Warren Floyd nodded. “Let’s not pull the same boner, though,” he suggested. “Scientist or not, no stupid man would have been chosen for such a job. Do you think he’s carrying explosives? One man could hardly have chemicals enough to make a significant number of breaches in the outer shell.”
“He may be hoping to get into the core, to set off a war head,” replied the older man, “though I don’t for the life of me see how he expects to do it. There’s a rocket fuel in hi
s neighborhood, of course, but it’s just n.v. for the torpedoes—harmless, as far as we’re concerned.”

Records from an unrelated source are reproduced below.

(* The two shifts by [eps] along [(1,0)] and [(-1,0)], with [eps] chosen
   uniformly over all pairs of sites, lie in every convex beta-dense set;
   their midpoint is [x]. *)
Lemma extreme_hull_supported (x : point) :
  extreme_point (beta_hull beta Ps) x ->
  exists q, In q P /\ supports (beta_hull beta Ps) q x.
Proof.
  intros [Hx Hext]. apply NNPP; intro Hns.
  set (dirs := [((1, 0) : point); ((-1, 0) : point)]).
  destruct (list_upper_bound
              (fun z => cone_bound (fst z) (vsub (fst (snd z)) x) (vsub (snd (snd z)) x))
              (list_prod dirs (list_prod P P))) as [M [HM HMb]].
  assert (Hinv : 0 < / M) by (apply Rinv_0_lt_compat; exact HM).
  assert (Hshift : forall d, In d dirs -> beta_hull beta Ps (shift x (/ M) d)).
  { intros d Hd. apply unsupported_hull_shift; auto; [| lra |].
    - destruct Hd as [<-|[<-|[]]]; unfold dot; simpl; lra.
    - intros a b Ha Hb.
      assert (K := HMb (d, (a, b)) (in_prod _ _ _ _ Hd (in_prod _ _ _ _ Ha Hb))).
      simpl in K. apply (Rmult_le_reg_l M); auto.
      rewrite <- Rmult_assoc, Rinv_r by (apply Rgt_not_eq; exact HM).
      lra. }
  assert (Hmid : x = comb (1 / 2) (shift x (/ M) (1, 0)) (shift x (/ M) (-1, 0)))
    by (destruct x; unfold comb, shift; simpl; f_equal; field; lra).
  assert (E := Hext _ _ (1 / 2) (Hshift _ (or_introl eq_refl))
                 (Hshift _ (or_intror (or_introl eq_refl))) ltac:(lra) Hmid).
  apply (f_equal fst) in E; simpl in E. lra.
Qed.

End Hull.

Lemma supports_collinear (S : point -> Prop) (q a b : point) :
  S a -> S b -> supports S q a -> supports S q b -> cross (vsub a q) (vsub b q) = 0.
Proof.
  intros Sa Sb Ha Hb. assert (h1 := Ha b Sb); assert (h2 := Hb a Sa).
  revert h1 h2; unfold cross, vsub; simpl; intros; lra.
Qed.

Lemma extreme_supported_le2 (S : point -> Prop) (q : point) (L : list point) :
  NoDup L -> (forall x, In x L -> extreme_point S x /\ x <> q /\ supports S q x) ->
  (length L <= 2)%nat.
Proof.
  intros HL HA. destruct L as [|x1 [|x2 [|x3 r]]]; simpl; try lia. exfalso.
  apply NoDup_cons_iff in HL as [n1 HL]; apply NoDup_cons_iff in HL as [n2 _].
  assert (d12 : x1 <> x2) by (intro e; apply n1; left; auto).
  assert (d13 : x1 <> x3) by (intro e; apply n1; right; left; auto).
  assert (d23 : x2 <> x3) by (intro e; apply n2; left; auto).
  destruct (HA x1 ltac:(simpl; auto)) as [E1 [q1 W1]].
  destruct (HA x2 ltac:(simpl; auto)) as [E2 [_ W2]].
  destruct (HA x3 ltac:(simpl; auto)) as [E3 [_ W3]].
  assert (X2 := collinear_shift q x1 x2
                  (supports_collinear S q x1 x2 (proj1 E1) (proj1 E2) W1 W2) q1).
  assert (X3 := collinear_shift q x1 x3
                  (supports_collinear S q x1 x3 (proj1 E1) (proj1 E3) W1 W3) q1).
  assert (Hu := dot_vsub_self_pos x1 q q1).
  set (u := vsub x1 q) in *.
  assert (X1 : x1 = shift q 1 u)
    by (unfold u; destruct x1, q; unfold shift, vsub; simpl; f_equal; ring).
  set (t2 := dot u (vsub x2 q) / dot u u) in *.
  set (t3 := dot u (vsub x3 q) / dot u u) in *.
  clearbody u t2 t3. subst x1 x2 x3.
  assert (Hmid : forall ta tb tc, ta < tb < tc -> extreme_point S (shift q ta u) ->
            extreme_point S (shift q tb u) -> extreme_point S (shift q tc u) -> False).
  { intros ta tb tc Ht [Sa _] Eb [Sc _].
    assert (Hac : ta <> tc) by lra. apply Hac, (shift_inj q u); auto.
    apply (extreme_not_between S (shift q tb u) _ _ ((tb - ta) / (tc - ta))); auto.
    - split; [apply Rdiv_lt_0_compat; lra|].
      apply (Rmult_lt_reg_r (tc - ta)); [lra|]. field_simplify; lra.
    - apply shift_between; auto. }
  assert (n12 : 1 <> t2) by (intro e; apply d12; rewrite e; reflexivity).
  assert (n13 : 1 <> t3) by (intro e; apply d13; rewrite e; reflexivity).
  assert (n23 : t2 <> t3) by (intro e; apply d23; rewrite e; reflexivity).
  destruct (Rdichotomy _ _ n12), (Rdichotomy _ _ n13), (Rdichotomy _ _ n23);
    solve [ apply (Hmid 1 t2 t3); (assumption || lra) | apply (Hmid 1 t3 t2); (assumption || lra)
          | apply (Hmid t2 1 t3); (assumption || lra) | apply (Hmid t2 t3 1); (assumption || lra)
          | apply (Hmid t3 1 t2); (assumption || lra) | apply (Hmid t3 t2 1); (assumption || lra)
          | lra ].
Qed.

Lemma NoDup_length_le_mul {A B : Type} (W : B -> A -> Prop) (k : nat) (Q : list B) :
  (forall q L, NoDup L -> (forall x, In x L -> W q x) -> (length L <= k)%nat) ->
  forall L, NoDup L -> (forall x, In x L -> exists q, In q Q /\ W q x) ->
  (length L <= k * length Q)%nat.
Proof.
  intros Hk. induction Q as [|q Q IH]; intros L HL HW.
  - destruct L as [|x L]; simpl; [lia|].
    destruct (HW x (or_introl eq_refl)) as [? [[] _]].
  - rewrite <- (filter_length (fun x => pbool (W q x)) L).
    assert ((length (filter (fun x => pbool (W q x)) L) <= k)%nat).
    { apply (Hk q); [apply NoDup_filter; auto|].
      intros x Hx. apply filter_In in Hx as [_ Hx]. apply (proj1 (pboolP _)); auto. }
    assert ((length (filter (fun x => negb (pbool (W q x))) L) <= k * length Q)%nat).
    { apply IH; [apply NoDup_filter; auto|].
      intros x Hx. apply filter_In in Hx as [Hx Hn].
      destruct (HW x Hx) as [q' [[<-|Hq'] Wq']]; eauto.
      apply (proj2 (pboolP _)) in Wq'. rewrite Wq' in Hn. discriminate. }
    simpl; lia.
Qed.

(* Grow a duplicate-free list of elements of [E] until it covers [E]; the
   bound stops the growth. *)
Lemma bounded_NoDup_cover {A : Type} (E : A -> Prop) (N : nat) :
  (forall L, NoDup L -> (forall x, In x L -> E x) -> (length L <= N)%nat) ->
  exists V, (length V <= N)%nat /\ forall x, E x -> In x V.
Proof.
  intros Hb.
  assert (grow : forall m L, NoDup L -> (forall x, In x L -> E x) ->
            (length L + m = N)%nat ->
            exists V, (length V <= N)%nat /\ forall x, E x -> In x V).
  { induction m as [|m IH]; intros L HL HE Hlen.
    - exists L; split; [lia|]. intros x Ex. apply NNPP; intro Hn.
      assert (Hc := Hb (x :: L) (NoDup_cons x Hn HL)
                      (fun y hy => match hy with
                                   | or_introl e => eq_ind x E Ex y e
                                   | or_intror h => HE y h end)).
      simpl in Hc; lia.
    - destruct (classic (forall x, E x -> In x L)) as [Hall|Hn].
      + exists L; split; [lia|auto].
      + apply not_all_ex_not in Hn as [x Hx].
        apply imply_to_and in Hx as [Ex Hx].
        apply (IH (x :: L)); [constructor; auto| |simpl; lia].
        intros y [<-|hy]; auto. }
  apply (grow N []); simpl; auto; [constructor | intros x []].
Qed.

Lemma hull_extreme_NoDup_length (beta : R) (Ps : list upoint) (P : list point) (L : list point) :
  (forall U q, In U Ps -> In q U -> 0 <= snd q) ->
  (forall U q, In U Ps -> In q U -> In (fst q) P) ->
  NoDup P -> NoDup L -> (forall x, In x L -> extreme_point (beta_hull beta Ps) x) ->
  (length L <= 3 * length P)%nat.
Proof.
  intros Hnn Hsites HP HL HE.
  rewrite <- (filter_length (fun x => pbool (In x P)) L).
  assert ((length (filter (fun x => pbool (In x P)) L) <= length P)%nat).
  { apply NoDup_incl_length; [apply NoDup_filter; auto|].
    intros x Hx. apply filter_In in Hx as [_ Hx]. apply (proj1 (pboolP _)); auto. }
  assert ((length (filter (fun x => negb (pbool (In x P))) L) <= 2 * length P)%nat).
  { apply (NoDup_length_le_mul (fun q x => extreme_point (beta_hull beta Ps) x /\
                                          x <> q /\ supports (beta_hull beta Ps) q x)).
    - intros q; apply extreme_supported_le2.
    - apply NoDup_filter; auto.
    - intros x Hx. apply filter_In in Hx as [Hx HnP].
      destruct (extreme_hull_supported beta Ps P Hnn Hsites x (HE x Hx)) as [q [Hq Hsup]].
      exists q; split; [exact Hq|]. split; [exact (HE x Hx)|split; [|exact Hsup]].
      intros ->. apply (proj2 (pboolP _)) in Hq. rewrite Hq in HnP. discriminate. }
  lia.
Qed.

Theorem mainTheorem9 :
  exists c : nat,
    forall (Ps : list upoint) (P : list point) (beta : R),
      (forall U, In U Ps -> valid_upoint U) ->
      NoDup P ->
      (forall p, In p P <-> exists U, In U Ps /\ In p (sites U)) ->
      0 <= beta <= 1 ->
      exists V : list point,
        (length V <= c * length P)%nat /\
        (forall x, extreme_point (beta_hull beta Ps) x -> In x V).
Proof.
  exists 3%nat. intros Ps P beta Hvalid HP HsitesP _.
  assert (Hnn : forall U q, In U Ps -> In q U -> 0 <= snd q).
  { intros U q HU Hq. destruct (Hvalid U HU) as [_ [Hw _]]. specialize (Hw q Hq); lra. }
  assert (Hsites : forall U q, In U Ps -> In q U -> In (fst q) P).
  { intros U q HU Hq. apply HsitesP. exists U; split; auto. apply in_map; auto. }
  apply bounded_NoDup_cover. intros L HL HE.
  exact (hull_extreme_NoDup_length beta Ps P L Hnn Hsites HP HL HE).
Qed.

“A fire could be quite embarrassing, even if it weren’t an explosion,” pointed out his assistant, “particularly since the whole joint is nearly pure magnesium. I know it’s sinfully expensive to transport mass away from Earth, but I wish they had built this place out of something a little less responsive to heat and oxygen.”
“I shouldn’t worry about that,” replied Mayhew. “He won’t get a fire started.”
Floyd glanced at the flanking screens which showed armored men keeping pace with the agent in parallel corridors, and nodded. “I suppose not—provided Ben and his crew aren’t too slow closing in when we give the signal.”
“You mean when I give the signal,” returned the other man. “I have reasons for wanting him free as long as possible. The longer he’s free, the lower the opinion he’ll have of us; when we do take him, he’ll be less ready to commit suicide, and the sudden letdown of his self-confidence will make interrogation easier.”
Floyd privately hoped nothing would happen to deflate his superior’s own self-confidence, but wisely said nothing; and both men watched Hart’s progress almost silently for some minutes. Floyd occasionally transmitted a word or two to the action party to keep them apprised of their quarry’s whereabouts, but no other sound interrupted the vigil.
Hart had finally found a corridor which branched away from the one he had been following, and he proceeded cautiously along it. He had learned the intervals at which the photocells were spotted, and now avoided them almost automatically. It did not occur to him that, while the sight of a spacesuited man in the outer corridors might not surprise an observer, the presence of such a man who failed consistently to break the beams of the photocell spotters would be bound to attract attention. The lenses of the scanners were too small and too well hidden for Hart to find easily, and he actually believed that the photocells were the only traps. With his continued ease in avoiding them, his self-confidence and contempt for the Westerners were mounting as Mayhew had foretold.